> INSTRUCTIONS TO FOLLOW
From the first line of the data below, copy each line up to the one containing "Theorem theorem2p9 (K", and include that line too.

> Collected data
[Start of section]

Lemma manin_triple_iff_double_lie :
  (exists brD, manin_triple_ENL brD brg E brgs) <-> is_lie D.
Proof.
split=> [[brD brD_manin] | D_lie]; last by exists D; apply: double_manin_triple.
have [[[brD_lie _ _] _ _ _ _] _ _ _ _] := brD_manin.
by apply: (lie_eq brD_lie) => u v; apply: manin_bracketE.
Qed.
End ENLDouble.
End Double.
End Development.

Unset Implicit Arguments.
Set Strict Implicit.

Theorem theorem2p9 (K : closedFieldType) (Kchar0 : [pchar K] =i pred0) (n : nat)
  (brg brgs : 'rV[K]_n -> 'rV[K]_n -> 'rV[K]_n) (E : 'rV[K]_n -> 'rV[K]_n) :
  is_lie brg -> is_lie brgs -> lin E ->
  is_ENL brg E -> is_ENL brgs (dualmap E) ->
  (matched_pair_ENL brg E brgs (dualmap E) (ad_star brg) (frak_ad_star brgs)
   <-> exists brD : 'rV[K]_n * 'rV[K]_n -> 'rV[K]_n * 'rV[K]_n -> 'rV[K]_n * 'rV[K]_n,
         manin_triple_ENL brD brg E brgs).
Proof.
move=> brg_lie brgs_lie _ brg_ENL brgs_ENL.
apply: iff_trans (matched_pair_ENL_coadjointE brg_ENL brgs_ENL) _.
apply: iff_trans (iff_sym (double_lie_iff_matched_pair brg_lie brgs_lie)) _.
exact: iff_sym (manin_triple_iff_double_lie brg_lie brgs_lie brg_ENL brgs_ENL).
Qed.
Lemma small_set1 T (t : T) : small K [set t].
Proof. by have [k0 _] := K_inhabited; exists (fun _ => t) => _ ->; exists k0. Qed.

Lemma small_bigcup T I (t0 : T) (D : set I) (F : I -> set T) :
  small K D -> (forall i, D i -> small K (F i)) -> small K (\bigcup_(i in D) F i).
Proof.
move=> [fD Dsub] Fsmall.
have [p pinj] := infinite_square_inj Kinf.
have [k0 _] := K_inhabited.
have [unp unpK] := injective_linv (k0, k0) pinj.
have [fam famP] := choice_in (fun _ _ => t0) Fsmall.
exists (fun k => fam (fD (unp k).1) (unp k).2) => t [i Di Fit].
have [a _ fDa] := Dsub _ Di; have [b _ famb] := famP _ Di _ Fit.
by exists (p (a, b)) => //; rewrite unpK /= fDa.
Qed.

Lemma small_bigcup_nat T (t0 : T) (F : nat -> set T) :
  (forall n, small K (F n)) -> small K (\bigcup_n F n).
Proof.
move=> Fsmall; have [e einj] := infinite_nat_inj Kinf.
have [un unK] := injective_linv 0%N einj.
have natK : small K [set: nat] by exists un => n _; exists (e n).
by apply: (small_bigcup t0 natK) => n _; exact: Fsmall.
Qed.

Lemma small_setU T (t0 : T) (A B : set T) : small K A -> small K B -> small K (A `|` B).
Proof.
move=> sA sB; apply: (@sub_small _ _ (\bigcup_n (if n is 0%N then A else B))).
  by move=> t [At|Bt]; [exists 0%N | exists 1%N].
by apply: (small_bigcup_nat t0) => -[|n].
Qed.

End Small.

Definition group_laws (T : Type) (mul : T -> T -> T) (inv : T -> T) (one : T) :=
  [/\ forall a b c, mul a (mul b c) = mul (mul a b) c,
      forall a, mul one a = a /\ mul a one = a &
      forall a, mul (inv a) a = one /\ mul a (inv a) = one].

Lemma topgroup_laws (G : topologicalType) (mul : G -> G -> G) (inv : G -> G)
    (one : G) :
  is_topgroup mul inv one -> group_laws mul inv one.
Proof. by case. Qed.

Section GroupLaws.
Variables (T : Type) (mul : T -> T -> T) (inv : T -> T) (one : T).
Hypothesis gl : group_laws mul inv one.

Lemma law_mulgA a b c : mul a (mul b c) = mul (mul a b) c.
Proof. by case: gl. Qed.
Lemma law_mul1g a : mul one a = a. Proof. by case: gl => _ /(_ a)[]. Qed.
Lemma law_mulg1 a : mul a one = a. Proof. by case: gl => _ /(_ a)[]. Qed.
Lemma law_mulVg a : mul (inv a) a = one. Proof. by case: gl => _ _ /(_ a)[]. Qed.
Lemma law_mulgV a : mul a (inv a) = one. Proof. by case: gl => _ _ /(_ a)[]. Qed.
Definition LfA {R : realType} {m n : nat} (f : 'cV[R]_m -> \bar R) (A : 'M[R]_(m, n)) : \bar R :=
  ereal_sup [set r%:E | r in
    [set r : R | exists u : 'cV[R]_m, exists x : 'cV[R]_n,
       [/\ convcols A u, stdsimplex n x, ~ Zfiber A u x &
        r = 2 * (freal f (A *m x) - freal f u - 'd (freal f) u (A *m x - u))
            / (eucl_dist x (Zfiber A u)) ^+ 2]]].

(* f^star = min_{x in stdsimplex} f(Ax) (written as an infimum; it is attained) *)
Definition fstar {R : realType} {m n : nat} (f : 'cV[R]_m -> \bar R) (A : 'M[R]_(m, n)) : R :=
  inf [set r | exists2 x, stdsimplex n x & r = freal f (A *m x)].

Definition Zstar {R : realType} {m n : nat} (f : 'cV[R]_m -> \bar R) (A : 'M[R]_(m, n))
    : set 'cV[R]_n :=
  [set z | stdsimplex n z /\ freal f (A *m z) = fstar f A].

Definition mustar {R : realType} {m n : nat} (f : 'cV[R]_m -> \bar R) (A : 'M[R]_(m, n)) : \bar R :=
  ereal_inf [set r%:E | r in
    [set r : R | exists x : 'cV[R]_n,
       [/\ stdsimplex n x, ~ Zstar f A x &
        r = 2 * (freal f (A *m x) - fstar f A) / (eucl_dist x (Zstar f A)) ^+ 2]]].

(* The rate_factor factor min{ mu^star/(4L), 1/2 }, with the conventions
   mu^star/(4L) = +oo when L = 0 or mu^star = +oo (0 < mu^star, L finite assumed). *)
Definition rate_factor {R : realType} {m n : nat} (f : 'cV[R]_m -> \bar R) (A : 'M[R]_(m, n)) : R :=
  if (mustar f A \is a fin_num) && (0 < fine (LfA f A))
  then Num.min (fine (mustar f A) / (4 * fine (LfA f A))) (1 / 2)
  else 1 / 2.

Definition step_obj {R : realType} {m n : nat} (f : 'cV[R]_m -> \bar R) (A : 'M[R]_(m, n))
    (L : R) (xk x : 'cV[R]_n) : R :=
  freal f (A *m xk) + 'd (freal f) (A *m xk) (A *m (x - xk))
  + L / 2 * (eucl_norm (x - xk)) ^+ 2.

[End of section]

> OUTPUT
Lemma manin_triple_iff_double_lie :
  (exists brD, manin_triple_ENL brD brg E brgs) <-> is_lie D.
Proof.
split=> [[brD brD_manin] | D_lie]; last by exists D; apply: double_manin_triple.
have [[[brD_lie _ _] _ _ _ _] _ _ _ _] := brD_manin.
by apply: (lie_eq brD_lie) => u v; apply: manin_bracketE.
Qed.
End ENLDouble.
End Double.
End Development.

Unset Implicit Arguments.
Set Strict Implicit.

Theorem theorem2p9 (K : closedFieldType) (Kchar0 : [pchar K] =i pred0) (n : nat)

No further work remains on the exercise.